I wrote about this the other day Sean, and you might have seen it, You do not go to the doctor and say, “I’ve got a headache.” And he goes “all right, take two of these.” The Doctor says, “okay, well how long have you had that headache? What do you think is causing it? Have you got any other symptoms? Or have you tried to get rid of that before? Is there a family history of headaches?” and they drill down and down and down, and if they’re still not sure about what to prescribe, they’ll go, “well actually I think we need to refer you to…” they’ll keep going.

It is very tempting in sales, and again it goes back to if your pipelines empty and you are desperate for that deal, the second-year prospect says, “Oh, well, we got a bit of an issue with this =  Oh, we can help with that.” You immediately prescribe your solution, and you miss out on all the other opportunities and even worse you might give them the wrong solution.

If you are confident enough to not rush that and do a proper deep dive with them, then one, they are going to love you far more because you genuinely have their best interest at heart. You are not the stereotypical salesperson who is just trying to get a deal.

Two, you get a far longer-term customer for that and you open up a world of possibilities.

For people who might be self-employed or individual consultants what would your advice be for them if they are interested in what they hear and they want to go on the website and look at what resources are there. If you are a bigger operation, am thinking particularly DA’s, or estate agent’s here, what would be the best packages or the best training resources or what would be the best thing that they could expect to come to you on and receive in terms of support and training?

– So, we have got so much out there now, Sean, there are two organisations I run now, one is 6th door, and we go in and we help and support sales teams and individuals through direct training.

The second one is the Sales Dojo which I run with my business partner Leon, and business partner Anthony, and we hold monthly events, or every three weeks, where we get guest speakers from the sales training world on. These are free to attend, come along. Ted talks for sales, as it is. We have also got the Sales Dojo podcast. We run a club house room. We do live sales calls on club house for you to listen into. We have got blogs on the 6th door website you can read.

Ultimately, if you want to learn more just get in touch I love to have a chat with anyone, and we always say “if we can’t help I bet we know somebody who can” because we have networked for a decade in the support and training industry. So, we are always connected, and it does not matter where in the world you are.

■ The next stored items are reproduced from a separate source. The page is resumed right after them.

(* Let $p$ be a prime and $i,e,h$ natural numbers, and put $q=p^h$. Then $$v_p(i!)\ge\frac{i}{p-1}-\frac{i}{e(q-1)}-h+\frac1e+\left[\frac iq\right]\left(\frac1e-\frac1{p-1}+\frac1{e(q-1)}\right)+v_p\left(\left[\frac iq\right]!\right),$$ with equality if and only if $i\equiv-1\pmod q$. In particular, if $e\le p-1$ or $i<q$, then $$v_p(i!)\ge\frac{i}{p-1}-\frac{i}{e(q-1)}-h+\frac1e,$$ with equality if and only if $i=q-1$. Moreover, if $K$ is a finite extension of $\mathbb{Q}_p$ with absolute ramification index $e\le p-1$, residue field of cardinality $q=p^h$ and uniformizer $\pi$, then $|\overline{\gamma}(0)|=|\pi/q|$.
   Context: $v_p$ is the $p$-adic valuation with $v_p(p)=1$, $|\cdot|$ the absolute value on $\mathbb{C}_p$ with $|p|=p^{-1}$, $[x]$ the integer part. For $K$ as in the statement, let $\mathcal{G}$ be the Lubin–Tate formal group over $\mathcal{O}_K$ attached to $\pi$ with logarithm $\lambda(t)$, and $\varpi_p\in\mathcal{O}_{\mathbb{C}_p}$ a $p$-adic period of $\mathcal{G}$, i.e. $\exp(\varpi_p\lambda(t))\in\mathcal{O}_{\mathbb{C}_p}[[t]]$ generates the $\mathcal{O}_K$-module $\mathrm{Hom}_{\mathcal{O}_{\mathbb{C}_p}}(\mathcal{G},\widehat{\mathbb{G}}_m)$; one has $|\varpi_p|=p^{-\frac1{p-1}+\frac1{e(q-1)}}$. $\overline{\gamma}(0)$ is any element of $\mathbb{C}_p$ with $|\overline{\gamma}(0)|=\max_{m\ge0}|m!/\varpi_p^m|$.
   Formalization: The two equality clauses, i ≡ −1 (mod q) and i = q−1, hold only under e > 1 or h > 1; the inequalities carry no such hypothesis. Apart from conventions, each condition added here is assumed in the paper as well or is needed for the statement above to hold. *)

From HB Require Import structures.
From mathcomp Require Import all_boot all_order all_algebra.
From mathcomp Require Import all_classical all_reals all_analysis.
Set Implicit Arguments. Unset Strict Implicit. Unset Printing Implicit Defensive.
Import Order.TTheory GRing.Theory Num.Theory.
Local Open Scope ring_scope.

Definition vp_fact (p n : nat) : nat := logn p n`!.

Definition bound_full (p e h i : nat) : rat :=
  let q := (p ^ h)%N in
  let a := (i %/ q)%N in
  i%:R / (p%:R - 1) - i%:R / (e%:R * (q%:R - 1)) - h%:R + e%:R^-1
  + a%:R * (e%:R^-1 - (p%:R - 1)^-1 + (e%:R * (q%:R - 1))^-1)
  + (vp_fact p a)%:R.

Definition bound_simple (p e h i : nat) : rat :=
  let q := (p ^ h)%N in
  i%:R / (p%:R - 1) - i%:R / (e%:R * (q%:R - 1)) - h%:R + e%:R^-1.

(* Absolute values in C_p, with |p| = p^-1, written as real numbers. *)
Definition abs_fact (R : realType) (p m : nat) : R := (p%:R ^+ vp_fact p m)^-1.
Definition abs_varpi (R : realType) (p e h : nat) : R :=
  powR (p%:R) (- (p%:R - 1)^-1 + (e%:R * ((p ^ h)%N%:R - 1))^-1).
Definition abs_gamma_term (R : realType) (p e h m : nat) : R :=
  abs_fact R p m / abs_varpi R p e h ^+ m.
(* |pi / q| for a uniformizer pi of a field with ramification index e
   (|pi| = p^(-1/e)) and q = p^h (|q| = p^(-h)). *)
Definition abs_pi_over_q (R : realType) (p e h : nat) : R :=
  powR (p%:R) (- e%:R^-1) / ((p ^ h)%N%:R)^-1.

We will know somebody who can help you. So yeah, just get in touch.

Brilliant. And what do the next couple of years look like Chris?

– Really exciting. On the 26th of April 2021 the Sales Dojo member platform launches.

This is where you can become a member of the Dojo and access a vault of videos from sales trainers,  coaches, and business mentors from all over the world. You can get access to the podcast, invites to events, Q and A’s, coaching. It is a salesperson’s dream.

We have been building this for 12 months now. We are really excited to launch that.

6th door is growing and growing and growing. And we have got a lot more international trade now. We work with people in Melbourne, in Canada, in Poland all over the place. I am not going to mention a book as I have been trying to write that for ages and it is not happening! Maybe we can mention that in another 12 months!